Княжна приблизила очаровательное свое личико к Заглобе:
– Не знаю, за что ты, сударь, меня полюбил, но, уж поверь, я тебя люблю не меньше.
Заглоба даже засопел от удовольствия:
– Так ты меня любишь?
– Клянусь Богом!
– Храни тебя Владыка Небесный! Вот и мне на старые лета послано утешение. Признаться, ваша сестра еще нет-нет, а состроит старику глазки, да-да, и в Варшаве на выборах такое случалось, Володыёвский свидетель! Но меня амуры уже не волнуют, пусть кровь играет, а я – вопреки тому – отеческими чувствами довольствоваться буду.
Настало молчание, только лошади вдруг одна за другой громко зафыркали, суля путникам удачу.
– На здоровье! На здоровье! – ответили всадники дружно.
Ночь была ясная. Месяц все выше взбирался на небо, утыканное мерцающими звездами, и все меньше, все бледней становился. Притомившиеся бахматы замедлили шаг, да и всадников одолевала усталость. Володыёвский первый остановил лошадь.
– Пора и отдохнуть. Развиднеется скоро, – сказал он.
– Пора! – поддержал его Заглоба. – Глаза слипаются: как ни погляжу на лошадь – всё две головы вижу.
Редзян, однако, решил, что прежде всего следует подкрепиться; он развел огонь и, снявши с лошади переметные сумы, принялся выкладывать припасы, предусмотрительно захваченные из Бурляевой кладовой: кукурузный хлеб, вареное мясо, валашское вино и сладости. При виде двух кожаных мехов, изрядно выпятивших свои бока и издающих сладостное уху бульканье, Заглоба забыл и думать о сне, да и прочие с удовольствием принялись за ужин. Припасов хватило на всех с избытком, а когда наелись вволю, старый шляхтич, утерев полою уста, промолвил:
– До смерти не устану повторять: неисповедимы пути Господни! Ты свободна, барышня-панна, а мы сидим себе тут sub jove[182]182
Под открытым небом (лат.).
[Закрыть], радуемся и Бурляево винцо попиваем. Венгерское, конечно, получше, это припахивает кожей, но ничего, в пути сойдет и такое.
Припасов хватило на всех с избытком…
– Одному не могу надивиться, – сказала Елена, – как это Горпына столь легко отдать меня согласилась?
Заглоба поглядел сперва на Володыёвского, потом на Редзяна и усиленно заморгал глазами.
– Потому согласилась, что иного выхода не имела. А впрочем, чего таиться, дело не стыдное: мы ее с Черемисом на тот свет отправили.

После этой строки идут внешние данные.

(* Let $M$ be a graded $R$-module. The following are equivalent: (1) $qp.Spec_g(M)$ with the quasi-Zariski topology is a $T_0$-space. (2) For all $Q,P\in qp.Spec_g(M)$, if $qp\text{-}V_M^g(Q)=qp\text{-}V_M^g(P)$ then $Q=P$. (3) $|qp.Spec_g^p(M)|\le 1$ for every $p\in Spec_g(R)$. (4) The natural map $\varphi$ is injective.
   Context: $R=\bigoplus_{g\in G}R_g$ is a graded commutative ring with identity graded by a group $G$, $h(R)=\bigcup_g R_g$; $M$ is a graded $R$-module, $h(M)$ its homogeneous elements. $Gr(I)$ is the graded radical of a graded ideal $I$. $Spec_g(R)$: graded prime ideals. $(K:_RM)=\{r: rM\subseteq K\}$. Graded prime submodule: proper graded $P$ with $rm\in P$ ($r\in h(R), m\in h(M)$) implying $m\in P$ or $r\in(P:_RM)$. $Gr_M(K)$: intersection of graded prime submodules containing $K$ ($M$ if none). Graded primeful property of $K$: for each graded prime $p\supseteq(K:_RM)$ there is a graded prime submodule $P\supseteq K$ with $(P:_RM)=p$. Graded quasi-primary submodule: proper graded $Q$ with $rm\in Q$ ($r\in h(R),m\in h(M)$) implying $r\in Gr((Q:_RM))$ or $m\in Gr_M(Q)$. $qp.Spec_g(M)$: graded quasi-primary submodules with the graded primeful property; $qp.Spec_g^p(M)=\{Q\in qp.Spec_g(M): Gr((Q:_RM))=p\}$. $qp\text{-}V_M^g(K)=\{Q\in qp.Spec_g(M): Gr((Q:_RM))\supseteq Gr((K:_RM))\}$; the quasi-Zariski topology has closed sets exactly these. $\overline R=R/\mathrm{Ann}(M)$. For $Q\in qp.Spec_g(M)$, $(Gr_M(Q):_RM)=Gr((Q:_RM))$ is a graded prime ideal of $R$ containing $\mathrm{Ann}(M)$; the natural map $\varphi:qp.Spec_g(M)\to Spec_g(\overline R)$ is $\varphi(Q)=(Gr_M(Q):_RM)/\mathrm{Ann}(M)$. *)

From HB Require Import structures.
From mathcomp Require Import all_boot all_order all_algebra.
Set Implicit Arguments.
Unset Strict Implicit.
Unset Printing Implicit Defensive.
Import GRing.Theory.
Local Open Scope ring_scope.

(* Graded rings / graded modules over a group G (a groupType: any group,
   possibly infinite and non-abelian).  Submodules, ideals and subsets are
   represented as Prop-valued predicates. *)

Section Graded.
Variables (G : groupType) (R : comPzRingType) (M : lmodType R).
(* RG g = the homogeneous component R_g, MG g = M_g *)
Variables (RG : G -> R -> Prop) (MG : G -> M -> Prop).

Definition graded_ring : Prop :=
  [/\ (forall g, RG g 0 /\ (forall x y, RG g x -> RG g y -> RG g (x - y))),
      (forall g h x y, RG g x -> RG h y -> RG (g * h)%g (x * y)),
      (forall r : R, exists (s : seq G) (f : G -> R),
          [/\ uniq s, forall g, RG g (f g) & r = \sum_(g <- s) f g]) &
      (forall (s : seq G) (f : G -> R), uniq s -> (forall g, RG g (f g)) ->
          \sum_(g <- s) f g = 0 -> forall g, g \in s -> f g = 0)].

Definition graded_module : Prop :=
  [/\ (forall g, MG g 0 /\ (forall x y, MG g x -> MG g y -> MG g (x - y))),
      (forall g h (r : R) (m : M), RG g r -> MG h m -> MG (g * h)%g (r *: m)),
      (forall m : M, exists (s : seq G) (f : G -> M),
          [/\ uniq s, forall g, MG g (f g) & m = \sum_(g <- s) f g]) &
      (forall (s : seq G) (f : G -> M), uniq s -> (forall g, MG g (f g)) ->
          \sum_(g <- s) f g = 0 -> forall g, g \in s -> f g = 0)].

– Как так? – испуганно вопросила княжна.
– А ты разве выстрелов не слыхала?
– Слыхала, но подумала, Черемис стреляет.
– Не Черемис, а вон этот малый – на месте пристрелил колдунью. Дьявол в нем сидит, спору нет, но чего еще оставалось делать, когда ведьма, не знаю уж, то ли почувствовала что, то ли стих на нее нашел какой-то: уперлась, что с нами поедет, и баста. А как было разрешить ей ехать – она бы мигом смекнула, что мы не в Киев путь держим. Вот он и взял да пристрелил ее, а я зарубил Черемиса. Сущий был монстр африканский; надеюсь, Господь мне его смерть в вину не поставит. Верно, и в аду чертям на него глядеть будет тошно. Перед отъездом из яра я вперед поехал и прибрал тела с дороги, чтобы ты не напугалась и не посчитала это дурным знаком.
Княжна же так ответила:
– Довольно я близких людей в нынешние страшные времена неживыми видала, чтобы покойников пугаться, а все ж лучше поменьше на своем пути проливать крови, дабы не навлечь на себя гнева Господня.
– Недостойно рыцаря так поступать было, – мрачно проговорил Володыёвский, – мне руки марать не захотелось.
– Что теперь, сударь мой, толковать об этом, – сказал Редзян. – Иначе-то никак нельзя было! Кабы кого хорошего положили, дело другое, а это ж богопротивники, вражья сила – я сам видел, как ведьма сговаривалась с чертями. Не того мне жаль, признаться!
– А об чем же ты, любезный, жалеешь? – спросила Елена.
– Богун мне сказывал, там закопаны деньги, а их милости такую подняли спешку, что и близко подойти не нашлось минуты, хоть я место возле мельницы знаю. А сколько добра оставлено в той светлице, где барышня жила, – сердце на куски рвется!
– Гляди, какого слугу иметь будешь! – сказал княжне Заглоба. – Только своего хозяина и признаёт, а так хоть с самого черта шкуру готов содрать и на воротник приспособить.
– Даст Бог, сударь любезный, пан Редзян, на мою неблагодарность тебе сетовать не придется, – промолвила Елена.
– Благодарю покорнейше, барышня! – ответил Редзян, целуя ей руку.
Все это время Володыёвский помалкивал, прикрывая смущение напускной суровостью, и только вино потягивал из меха, пока несвойственная ему молчаливость не привлекла внимания Заглобы.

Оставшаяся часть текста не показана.